*Dataset entries*.
Lemma xor_cyc_lt_cpos h a b c d : (cyc_lt a c b != cyc_lt a d b) <->
  (between (cpos h a) (cpos h c) (cpos h b) <-> ~ between (cpos h a) (cpos h d) (cpos h b)).
Proof. by rewrite -!(cyc_lt_cpos h); case: cyc_lt; case: cyc_lt; split=> //=; intuition. Qed.

Lemma crossv_cpos h a b c d : crossv a b c d <->
  cross_nat (cpos h a) (cpos h b) (cpos h c) (cpos h d).
Proof.
rewrite crossvE /cross_nat -!(neq_cpos h) -(xor_cyc_lt_cpos h).
by split=> [/and5P[-> -> -> -> /and3P[-> -> ->]] | [-> [-> [-> [-> [-> [-> ->]]]]]]].
Qed.

End CyclicPosition.

Ltac cyc_lia h :=
  rewrite ?(cyc_lt_cpos h) ?(cyc_le_cpos h) ?(crossv_cpos h)
          -?(rwP negP) -?(rwP andP) -?(rwP orP)
          ?(neq_cpos h) ?(eqb_cpos h) ?(eq_cpos h) ?cposxx /cross_nat /between;
  repeat match goal with |- context [cpos ?h' ?x] =>
    let r := fresh "r" in generalize (cpos h' x) as r end;
  intros; lia.

(** * Crossing diagonals *)

Section Crossing.
Variable n : nat.
Implicit Types (a b c d u v w x y : 'I_n) (e : {set 'I_n}) (S : {set 'I_n}) (D : {set {set 'I_n}}).

Lemma set2_inj a b c d : [set a; b] = [set c; d] -> (a = c /\ b = d) \/ (a = d /\ b = c).
Proof.
move=> E; have mem2 x : x \in [set a; b] -> x \in [set c; d] by rewrite E.
have mem1 x : x \in [set c; d] -> x \in [set a; b] by rewrite E.
have := mem2 a; have := mem2 b; have := mem1 c; have := mem1 d.
rewrite !inE !eqxx ?orbT -!val_eqE /= => /(_ isT) hd /(_ isT) hc /(_ isT) hb /(_ isT) ha.
have : ((a == c :> nat) && (b == d :> nat)) || ((a == d :> nat) && (b == c :> nat)) by lia.
by case/orP=> /andP[/eqP h1 /eqP h2]; [left|right]; split; apply: val_inj.
Qed.

Lemma crossv_swapl a b c d : crossv a b c d = crossv b a c d.
Proof. by apply/idP/idP; cyc_lia a. Qed.
Lemma pbw_span_submodule : submodule rho pbw_span.
Proof.
have [s00 s0D s0Z] := span0_subspace; have [s10 s1D s1Z] := span1_subspace.
have [s20 s2D s2Z] := span2_subspace.
split.
- by exists 0, 0, 0; rewrite !addr0.
- move=> _ _ [x0 [x1 [x2 [s0 s1 s2 ->]]]] [y0 [y1 [y2 [r0 r1 r2 ->]]]].
  exists (x0 + y0), (x1 + y1), (x2 + y2).
  split; try by [apply: s0D | apply: s1D | apply: s2D].
  by rewrite addrACA [x0 + x1 + _]addrACA.
- move=> k _ [x0 [x1 [x2 [s0 s1 s2 ->]]]]; exists (k *: x0), (k *: x1), (k *: x2).
  by rewrite !scalerDr; split; [apply: s0Z | apply: s1Z | apply: s2Z |].
move=> i j _ [x0 [x1 [x2 [s0 s1 s2 ->]]]]; rewrite !linearD.
have [pij | [-> p0] | [-> p0]] := rho_cases i j.
- exists (rho i j x0), (rho i j x1), (rho i j x2).
  by split; [apply: g0_span0 | apply: g0_span1 | apply: g0_span2 |].
- exists (rho i0 j x1), (rho i0 j x2), 0; rewrite (g1_span0 p0 s0) add0r addr0.
  by split; [apply: g1_span1 | apply: g1_span2 | |].
- exists 0, (rho i i0 x0), (rho i i0 x1); rewrite (gm1_span2 p0 s2) addr0 add0r.
  by split; [| apply: gm1_span0 | apply: gm1_span1 |].
Qed.

Lemma pbw_decomposition :
  (forall S, submodule rho S -> S v -> forall x, S x) -> forall x, pbw_span x.
Proof.
move=> gen; apply: gen pbw_span_submodule _; exists v, 0, 0; rewrite !addr0.
have [s10 _ _] := span1_subspace; have [s20 _ _] := span2_subspace.
by split=> //; exact: span0_v.
Qed.

Lemma Qop_v_scalar : exists c, Qop v = c *: v.
Proof.
have Qv_span0 : span0 (Qop v).
  apply: g1_span1 => //; apply: g1_span2 => //.
  by apply: gm1_span1 => //; apply: gm1_span0 => //; exact: span0_v.
have lower_Qv : lower (Qop v) = 0 by rewrite /lower /act_e -Qop_e e_v linearZZ subrr.
have [->|Qv_neq0] := eqVneq (Qop v) 0; first by exists 0; rewrite scale0r.
have [[|m] [c [c_neq0 lower_c]]] := span0_lower Qv_span0 Qv_neq0; first by exists c.
suff v0 : v = 0 by exists 0; rewrite v0 linear0 scaler0.
move/eqP: lower_c; rewrite iterSr lower_Qv linear0 eq_sym scaler_eq0 (negbTE c_neq0).
by move/eqP.
Qed.
(* Let $M_1$ and $M_2$ be smooth connected manifolds and $\Gamma\subset\mathrm{Diff}(M_1)\times\mathrm{Diff}(M_2)$ a group of diffeomorphisms of $M_1\times M_2$ that is of quotient type. Then $\Gamma$ is properly discontinuous.
   Context: A group $\Gamma$ of diffeomorphisms of a manifold $M$ is properly discontinuous if (PD1) each $p\in M$ has a neighbourhood $U$ with $\gamma(U)\cap U=\emptyset$ for all $\gamma\in\Gamma\setminus\{1\}$, and (PD2) any two points $p,q$ not in the same $\Gamma$-orbit have neighbourhoods $U_p,U_q$ with $\gamma(U_p)\cap U_q=\emptyset$ for all $\gamma\in\Gamma$. For $\Gamma\subset\mathrm{Diff}(M_1)\times\mathrm{Diff}(M_2)$ let $\Gamma_i$ be its projection to $\mathrm{Diff}(M_i)$ and, for $\sigma\in\Gamma_2$, $\Gamma_\sigma:=\{\gamma\in\Gamma_1:(\gamma,\sigma)\in\Gamma\}$. $\Gamma$ is of quotient type if (i) $\Gamma_2$ is properly discontinuous, (ii) $\Gamma_{\mathrm{Id}_{M_2}}\subset\Gamma_1$ satisfies (PD1), and (iii) $\Gamma_\sigma\subset\Gamma_1$ satisfies (PD2) (in the sense: points of $M_1$ not related by an element of $\Gamma_\sigma$ have neighbourhoods $U,V$ with $\gamma(U)\cap V=\emptyset$ for all $\gamma\in\Gamma_\sigma$) for all $\sigma\in\Gamma_2$; or if the same holds with the roles of $M_1$ and $M_2$ exchanged. *)

From mathcomp Require Import all_boot.
From mathcomp Require Import boolp classical_sets topology.
Set Implicit Arguments. Unset Strict Implicit. Unset Printing Implicit Defensive.
Local Open Scope classical_set_scope.

(* f is a homeomorphism of T (stand-in for "diffeomorphism") *)
Definition is_homeo (T : topologicalType) (f : T -> T) : Prop :=
  continuous f /\ exists g : T -> T, [/\ continuous g, cancel f g & cancel g f].

Definition PD1 (T : topologicalType) (G : set (T -> T)) : Prop :=
  forall p : T, exists U : set T, nbhs p U /\
    forall g, G g -> g <> id -> g @` U `&` U = set0.

Definition PD2 (T : topologicalType) (G : set (T -> T)) : Prop :=
  forall p q : T, ~ (exists g, G g /\ g p = q) ->
    exists U V : set T, [/\ nbhs p U, nbhs q V &
      forall g, G g -> g @` U `&` V = set0].

Definition properly_discontinuous (T : topologicalType) (G : set (T -> T)) :=
  PD1 G /\ PD2 G.

Definition diff_group (M1 M2 : topologicalType)
    (Gam : set ((M1 -> M1) * (M2 -> M2))) : Prop :=
  [/\ (forall a, Gam a -> is_homeo a.1 /\ is_homeo a.2),
      Gam (id, id),
      (forall a b, Gam a -> Gam b -> Gam (a.1 \o b.1, a.2 \o b.2)) &
      (forall a, Gam a -> exists b, Gam b /\
         [/\ b.1 \o a.1 = id, b.2 \o a.2 = id, a.1 \o b.1 = id & a.2 \o b.2 = id])].

Section Proj.
Variables (M1 M2 : topologicalType) (Gam : set ((M1 -> M1) * (M2 -> M2))).
Definition proj1_grp : set (M1 -> M1) := [set g | exists s, Gam (g, s)].
Definition proj2_grp : set (M2 -> M2) := [set s | exists g, Gam (g, s)].
Definition fiber1 (s : M2 -> M2) : set (M1 -> M1) := [set g | Gam (g, s)].
Definition fiber2 (g : M1 -> M1) : set (M2 -> M2) := [set s | Gam (g, s)].

Definition quotient_type12 : Prop :=
  [/\ properly_discontinuous proj2_grp, PD1 (fiber1 id) &
      forall s, proj2_grp s -> PD2 (fiber1 s)].
Definition quotient_type21 : Prop :=
  [/\ properly_discontinuous proj1_grp, PD1 (fiber2 id) &
      forall g, proj1_grp g -> PD2 (fiber2 g)].
Definition quotient_type : Prop := quotient_type12 \/ quotient_type21.

Definition prod_action : set (M1 * M2 -> M1 * M2) :=
  [set (fun z => (a.1 z.1, a.2 z.2)) | a in Gam].
End Proj.

From mathcomp Require Import all_boot.
From mathcomp Require Import boolp classical_sets topology.
Local Open Scope classical_set_scope.

(** It suffices to separate points of M1 × M2 by rectangles U × V.
For PD1 at (p, q) take U from PD1 of Γ_id at p and V from PD1 of Γ_2 at q: an
element (γ, σ) ≠ 1 moves V off itself if σ ≠ 1, and otherwise γ ∈ Γ_id \ {1}
moves U off itself.  For PD2 at (p1, q1), (p2, q2): if q2 ∉ Γ_2 q1, PD2 of Γ_2
gives the separating sets.  Otherwise q2 = σ0 q1, and on a PD1-neighbourhood W
of q1 the only σ ∈ Γ_2 with σ(W) ∩ σ0(W) ≠ ∅ is σ0, so it remains to separate
p1 from p2 under Γ_σ0, which is PD2 of Γ_σ0.  The other case of the definition
is the same after exchanging the factors. *)

Lemma image_disjointP (A B : Type) (f : A -> B) (U : set A) (V : set B) :
  f @` U `&` V = set0 <-> forall x, U x -> ~ V (f x).
Proof.
split=> [fUV x Ux Vfx | UV].
  have : (f @` U `&` V) (f x) by split=> //; exists x.
  by rewrite fUV.
by apply/seteqP; split=> // _ [[x Ux <-]]; apply: UV.
Qed.

Lemma nbhs_homeo_image (T : topologicalType) (f : T -> T) (x : T) (W : set T) :
  is_homeo f -> nbhs x W -> nbhs (f x) (f @` W).
Proof.
move=> [_ [g [cg fK gK]]] Wx.
have : nbhs (f x) (g @^-1` W) by have := cg (f x); rewrite /continuous_at fK; apply.
by apply: filterS => y Wgy; exists (g y).
Qed.

Section RectangularSeparation.
Variables (M1 M2 : topologicalType) (Gam : set ((M1 -> M1) * (M2 -> M2))).

Definition rect_PD1 : Prop :=
  forall (p : M1) (q : M2), exists U V, [/\ nbhs p U, nbhs q V &
    forall a, Gam a -> a <> (id, id) -> forall x y, U x -> V y ->
      ~ (U (a.1 x) /\ V (a.2 y))].

Definition rect_PD2 : Prop :=
  forall (p1 p2 : M1) (q1 q2 : M2),
    ~ (exists a, [/\ Gam a, a.1 p1 = p2 & a.2 q1 = q2]) ->
    exists U1 V1 U2 V2, [/\ nbhs p1 U1, nbhs q1 V1, nbhs p2 U2, nbhs q2 V2 &
      forall a, Gam a -> forall x y, U1 x -> V1 y -> ~ (U2 (a.1 x) /\ V2 (a.2 y))].

Lemma prod_action_PD1 : rect_PD1 -> PD1 (prod_action Gam).
Proof.
move=> sep [p q]; have [U [V [Up Vq UV]]] := sep p q.
exists (U `*` V); split; first by exists (U, V).
move=> _ [[a1 a2] Ga <-] a_id; apply/image_disjointP => -[x y] [Ux Vy].
have a_ne : (a1, a2) <> (id, id).
  by move=> [e1 e2]; apply: a_id; apply: funext => -[u v]; rewrite /= e1 e2.
exact: UV Ga a_ne x y Ux Vy.
Qed.

Lemma prod_action_PD2 : rect_PD2 -> PD2 (prod_action Gam).
Proof.
move=> sep [p1 q1] [p2 q2] not_rel.
have [|U1 [V1 [U2 [V2 [U1p V1q U2p V2q UV]]]]] := sep p1 p2 q1 q2.
  move=> [a [Ga e1 e2]]; apply: not_rel.
  by exists (fun z => (a.1 z.1, a.2 z.2)); split; [exists a | rewrite /= e1 e2].
exists (U1 `*` V1), (U2 `*` V2); split; [by exists (U1, V1)|by exists (U2, V2)|].
by move=> _ [a Ga <-]; apply/image_disjointP => -[x y] [Ux Vy]; apply: UV.
Qed.

Definition swap_grp : set ((M2 -> M2) * (M1 -> M1)) := [set a | Gam (a.2, a.1)].

Lemma diff_group_swap : diff_group Gam -> diff_group swap_grp.
Proof.
move=> [homeo Gid Gcomp Ginv]; split=> //.
- by move=> a /homeo [].
- by move=> a b Ga Gb; apply: Gcomp Ga Gb.
- move=> a /Ginv [b [Gb [e1 e2 e3 e4]]].
  by exists (b.2, b.1); split=> //; case: b Gb {e1 e2 e3 e4}.
Qed.

Lemma quotient_type21_swap : quotient_type21 Gam -> quotient_type12 swap_grp.
Proof. by []. Qed.

End RectangularSeparation.

Arguments rect_PD1 {M1 M2}.
Arguments rect_PD2 {M1 M2}.
Arguments swap_grp {M1 M2}.
Arguments diff_group_swap {M1 M2 Gam}.

Lemma rect_PD1_swap (M1 M2 : topologicalType)
    (Gam : set ((M1 -> M1) * (M2 -> M2))) :
  rect_PD1 (swap_grp Gam) -> rect_PD1 Gam.
Proof.
move=> sep p q; have [V [U [Vq Up VU]]] := sep q p.
exists U, V; split=> // -[a1 a2] Ga a_ne x y Ux Vy [Ua Va].
by apply: (VU (a2, a1)) Vy Ux _ => // -[e2 e1]; apply: a_ne; rewrite e1 e2.
Qed.

Lemma rect_PD2_swap (M1 M2 : topologicalType)
    (Gam : set ((M1 -> M1) * (M2 -> M2))) :
  rect_PD2 (swap_grp Gam) -> rect_PD2 Gam.
Proof.
move=> sep p1 p2 q1 q2 not_rel.
have [|V1 [U1 [V2 [U2 [V1q U1p V2q U2p VU]]]]] := sep q1 q2 p1 p2.
  by move=> [[a2 a1] [Ga e2 e1]]; apply: not_rel; exists (a1, a2).
exists U1, V1, U2, V2; split=> // -[a1 a2] Ga x y Ux Vy [Ua Va].
exact: (VU (a2, a1)) Vy Ux _.
Qed.

Section QuotientType12.
Variables (M1 M2 : topologicalType) (Gam : set ((M1 -> M1) * (M2 -> M2))).
Hypothesis hG : diff_group Gam.

Let G2 := proj2_grp Gam.

Lemma proj2_grp_homeo {s} : G2 s -> is_homeo s.
Proof. by case: hG => homeo _ _ _ [g /homeo []]. Qed.

Lemma proj2_grp_ldiv {s s0} : G2 s -> G2 s0 -> exists2 t, G2 t & s = s0 \o t.
Proof.
case: hG => _ _ Gcomp Ginv [g Gs] [g0 /Ginv [b [Gb [_ e2 _ e4]]]].
exists (b.2 \o s); first by exists (b.1 \o g); apply: Gcomp Gb Gs.
by rewrite compA e4.
Qed.

Lemma proj2_grp_rigid : PD1 G2 -> forall q : M2, exists2 W, nbhs q W &
  forall s s0 y z, G2 s -> G2 s0 -> W y -> W z -> s y = s0 z -> s = s0.
Proof.
move=> pd1 q; have [W [Wq W_free]] := pd1 q.
exists W => // s s0 y z Gs Gs0 Wy Wz e.
have [t Gt st] := proj2_grp_ldiv Gs Gs0; rewrite st in e *.
have [->|t_id] := pselect (t = id); first by [].
have [_ [g [_ s0K _]]] := proj2_grp_homeo Gs0.
have ty : t y = z := can_inj s0K e.
by have /image_disjointP /(_ y Wy) := W_free t Gt t_id; rewrite ty.
Qed.

Lemma quotient_type12_rect_PD1 : quotient_type12 Gam -> rect_PD1 Gam.
Proof.
move=> [[pd1 _] pd1_id _] p q.
have [U [Up U_free]] := pd1_id p; have [V [Vq V_free]] := pd1 q.
exists U, V; split=> // -[a1 a2] Ga a_ne x y Ux Vy /= [Ua Va].
have [a2_id|a2_ne] := pselect (a2 = id).
  have a1_ne : a1 <> id by move=> a1_id; apply: a_ne; rewrite a1_id a2_id.
  have Fa1 : fiber1 Gam id a1 by rewrite /fiber1 /= -a2_id.
  by have /image_disjointP /(_ x Ux) := U_free _ Fa1 a1_ne.
have Ga2 : G2 a2 by exists a1.
by have /image_disjointP /(_ y Vy) := V_free _ Ga2 a2_ne.
Qed.

Lemma quotient_type12_rect_PD2 : quotient_type12 Gam -> rect_PD2 Gam.
Proof.
move=> [[pd1 pd2] _ pd2_fiber] p1 p2 q1 q2 not_rel.
have [[s0 [Gs0 s0q]]|not_rel2] := pselect (exists s0, G2 s0 /\ s0 q1 = q2); last first.
  have [V1 [V2 [V1q V2q V_sep]]] := pd2 q1 q2 not_rel2.
  exists setT, V1, setT, V2; split=> //; try exact: filterT.
  move=> [a1 a2] Ga x y _ Vy [_]; have Ga2 : G2 a2 by exists a1.
  by have /image_disjointP /(_ y Vy) := V_sep _ Ga2.
have [W Wq W_rigid] := proj2_grp_rigid pd1 q1.
have [|U1 [U2 [U1p U2p U_sep]]] := pd2_fiber s0 Gs0 p1 p2.
  by move=> [g [Fg gp]]; apply: not_rel; exists (g, s0).
exists U1, W, U2, (s0 @` W); split=> //.
  by rewrite -s0q; apply: nbhs_homeo_image (proj2_grp_homeo Gs0) Wq.
move=> [a1 a2] Ga x y Ux Wy /= [Ua [z Wz s0z]].
have a2_s0 : a2 = s0 by apply: (W_rigid a2 s0 y z) (esym s0z) => //; exists a1.
have Fa1 : fiber1 Gam s0 a1 by rewrite /fiber1 /= -a2_s0.
by have /image_disjointP /(_ x Ux) := U_sep _ Fa1.
Qed.

End QuotientType12.

Arguments quotient_type12_rect_PD1 {M1 M2 Gam}.
Arguments quotient_type12_rect_PD2 {M1 M2 Gam}.

Lemma quotient_type_rect_PD {M1 M2 : topologicalType}
    {Gam : set ((M1 -> M1) * (M2 -> M2))} :
  diff_group Gam -> quotient_type Gam -> rect_PD1 Gam /\ rect_PD2 Gam.
Proof.
move=> hG [hq | /quotient_type21_swap hq].
  by split; [exact: quotient_type12_rect_PD1 hq |
             exact: quotient_type12_rect_PD2 hG hq].
have hG' := diff_group_swap hG.
split; [apply: rect_PD1_swap; exact: quotient_type12_rect_PD1 hq |
        apply: rect_PD2_swap; exact: quotient_type12_rect_PD2 hG' hq].
Qed.

Theorem lemma2 (M1 M2 : topologicalType)
  (hM1 : hausdorff_space M1) (hM2 : hausdorff_space M2)
  (cM1 : connected [set: M1]) (cM2 : connected [set: M2])
  (Gam : set ((M1 -> M1) * (M2 -> M2)))
  (hG : diff_group Gam) (hq : quotient_type Gam) :
  properly_discontinuous (prod_action Gam).
Proof.
have [sep1 sep2] := quotient_type_rect_PD hG hq.
by split; [apply: prod_action_PD1 | apply: prod_action_PD2].
Qed.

*Directions for this task*. Scan the records for the string "Implicit" and show every line that contains it.

*Answer to the exercise*.
Implicit Types (a b c d u v w x y : 'I_n) (e : {set 'I_n}) (S : {set 'I_n}) (D : {set {set 'I_n}}).
Set Implicit Arguments. Unset Strict Implicit. Unset Printing Implicit Defensive.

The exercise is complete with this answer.